Extracted material below:
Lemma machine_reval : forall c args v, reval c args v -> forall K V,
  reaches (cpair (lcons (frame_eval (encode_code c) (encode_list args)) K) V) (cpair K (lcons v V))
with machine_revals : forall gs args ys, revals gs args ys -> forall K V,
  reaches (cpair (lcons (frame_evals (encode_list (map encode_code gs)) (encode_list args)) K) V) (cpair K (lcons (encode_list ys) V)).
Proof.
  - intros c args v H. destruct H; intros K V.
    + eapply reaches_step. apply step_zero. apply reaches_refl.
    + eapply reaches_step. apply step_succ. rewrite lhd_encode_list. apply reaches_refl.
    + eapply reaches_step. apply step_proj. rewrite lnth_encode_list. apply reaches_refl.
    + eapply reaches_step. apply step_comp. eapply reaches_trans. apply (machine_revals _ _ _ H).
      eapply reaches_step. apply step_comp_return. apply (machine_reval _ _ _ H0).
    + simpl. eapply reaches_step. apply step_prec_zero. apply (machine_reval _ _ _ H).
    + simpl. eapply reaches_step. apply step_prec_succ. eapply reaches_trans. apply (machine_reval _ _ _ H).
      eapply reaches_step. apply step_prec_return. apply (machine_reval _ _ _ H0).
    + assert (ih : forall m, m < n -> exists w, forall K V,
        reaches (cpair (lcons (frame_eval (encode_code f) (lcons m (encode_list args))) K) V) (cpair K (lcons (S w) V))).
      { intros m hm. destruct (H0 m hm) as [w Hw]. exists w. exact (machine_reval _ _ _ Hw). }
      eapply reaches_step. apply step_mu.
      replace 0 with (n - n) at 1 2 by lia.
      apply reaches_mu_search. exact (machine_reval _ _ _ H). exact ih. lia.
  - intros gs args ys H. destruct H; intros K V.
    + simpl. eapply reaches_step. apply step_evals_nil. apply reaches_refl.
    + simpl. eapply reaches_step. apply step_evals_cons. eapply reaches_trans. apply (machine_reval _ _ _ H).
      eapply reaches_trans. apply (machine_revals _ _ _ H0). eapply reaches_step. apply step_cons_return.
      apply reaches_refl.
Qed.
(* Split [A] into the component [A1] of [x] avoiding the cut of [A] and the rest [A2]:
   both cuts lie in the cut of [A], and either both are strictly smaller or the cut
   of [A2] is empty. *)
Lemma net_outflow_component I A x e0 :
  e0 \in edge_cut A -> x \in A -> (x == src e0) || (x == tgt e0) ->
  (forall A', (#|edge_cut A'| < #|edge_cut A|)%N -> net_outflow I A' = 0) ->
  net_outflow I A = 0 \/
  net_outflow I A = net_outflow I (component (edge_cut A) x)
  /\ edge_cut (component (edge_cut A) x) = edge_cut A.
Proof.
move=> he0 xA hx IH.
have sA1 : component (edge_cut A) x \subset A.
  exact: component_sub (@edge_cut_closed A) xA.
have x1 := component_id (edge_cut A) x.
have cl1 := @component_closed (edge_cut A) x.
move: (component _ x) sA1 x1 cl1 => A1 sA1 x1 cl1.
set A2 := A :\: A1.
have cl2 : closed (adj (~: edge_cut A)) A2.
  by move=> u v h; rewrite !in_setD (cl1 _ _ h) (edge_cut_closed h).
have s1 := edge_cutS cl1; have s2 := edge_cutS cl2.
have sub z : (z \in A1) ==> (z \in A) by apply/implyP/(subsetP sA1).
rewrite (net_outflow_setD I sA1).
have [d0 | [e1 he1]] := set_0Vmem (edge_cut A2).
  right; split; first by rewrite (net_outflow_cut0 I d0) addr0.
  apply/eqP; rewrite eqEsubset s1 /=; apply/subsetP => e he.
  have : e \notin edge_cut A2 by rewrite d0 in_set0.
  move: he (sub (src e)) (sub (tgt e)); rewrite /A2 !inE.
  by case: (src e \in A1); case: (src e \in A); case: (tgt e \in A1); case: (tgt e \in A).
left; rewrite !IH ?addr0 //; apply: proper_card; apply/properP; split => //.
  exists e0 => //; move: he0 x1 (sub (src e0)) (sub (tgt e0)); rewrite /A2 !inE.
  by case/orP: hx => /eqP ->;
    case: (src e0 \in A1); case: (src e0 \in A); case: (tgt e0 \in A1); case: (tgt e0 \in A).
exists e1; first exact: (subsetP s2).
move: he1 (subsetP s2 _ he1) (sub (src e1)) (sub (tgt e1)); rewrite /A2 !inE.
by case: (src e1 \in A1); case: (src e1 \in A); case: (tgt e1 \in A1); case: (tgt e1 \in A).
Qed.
End of Extracted material.
Task description.
Look above for the line containing "move: he (sub". Output from there through the line containing "by case/orP: hx => /eqP ->;", exactly and inclusively.

Exercise solution.
  move: he (sub (src e)) (sub (tgt e)); rewrite /A2 !inE.
  by case: (src e \in A1); case: (src e \in A); case: (tgt e \in A1); case: (tgt e \in A).
left; rewrite !IH ?addr0 //; apply: proper_card; apply/properP; split => //.
  exists e0 => //; move: he0 x1 (sub (src e0)) (sub (tgt e0)); rewrite /A2 !inE.
  by case/orP: hx => /eqP ->;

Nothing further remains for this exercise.